What you are asked to do: Transcribe exactly the line in which "fun h => response" occurs, plus every line that comes after it up to the end of the entries.

Data supplied:

Definition shadow_next (l : list (nat * conf L)) (d' : conf L) : nat * conf L :=
  let kc := last l (k0, c0) in
  epsilon (inhabits (k0, c0)) (shadow_ok (fst kc) (snd kc) (map snd l) d').

Definition shadow (p' : nat -> conf L) : nat -> list (nat * conf L) :=
  unroll (k0, c0) (fun l m => shadow_next l (p' (S m))).

Definition shadow_rank p' i := fst (last (shadow p' i) (k0, c0)).
Definition shadow_pos p' i := snd (last (shadow p' i) (k0, c0)).

Lemma map_snd_shadow p' i : map snd (shadow p' i) = hist (shadow_pos p') i.
Proof. unfold shadow at 1. now rewrite unroll_eq_map, map_map. Qed.

Lemma shadow_ext p1 p2 n : (forall j, j <= n -> p1 j = p2 j) -> shadow p1 n = shadow p2 n.
Proof. intros H. apply unroll_ext. intros l m Hm. now rewrite H by lia. Qed.

Definition response (p' : nat -> conf L) (n : nat) : conf L :=
  let d := sigma (map snd (shadow p' n)) in
  epsilon (inhabits c0') (fun d' => move L E (p' n) d' /\
    exists k', Q k' d' d /\ progress (shadow_rank p' n) k' d d').

Definition shadow_strategy : strategy L :=
  fun h => response (fun i => nth i h c0') (pred (length h)).

Lemma shadow_strategy_hist p' i : shadow_strategy (hist p' i) = response p' i.
Proof.
  unfold shadow_strategy, response, shadow_rank. rewrite length_hist; cbn [pred].
  rewrite (shadow_ext _ p' i) by (intros; now apply nth_hist).
  now rewrite nth_hist.
Qed.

Output of the exercise:
  fun h => response (fun i => nth i h c0') (pred (length h)).

Lemma shadow_strategy_hist p' i : shadow_strategy (hist p' i) = response p' i.
Proof.
  unfold shadow_strategy, response, shadow_rank. rewrite length_hist; cbn [pred].
  rewrite (shadow_ext _ p' i) by (intros; now apply nth_hist).
  now rewrite nth_hist.
Qed.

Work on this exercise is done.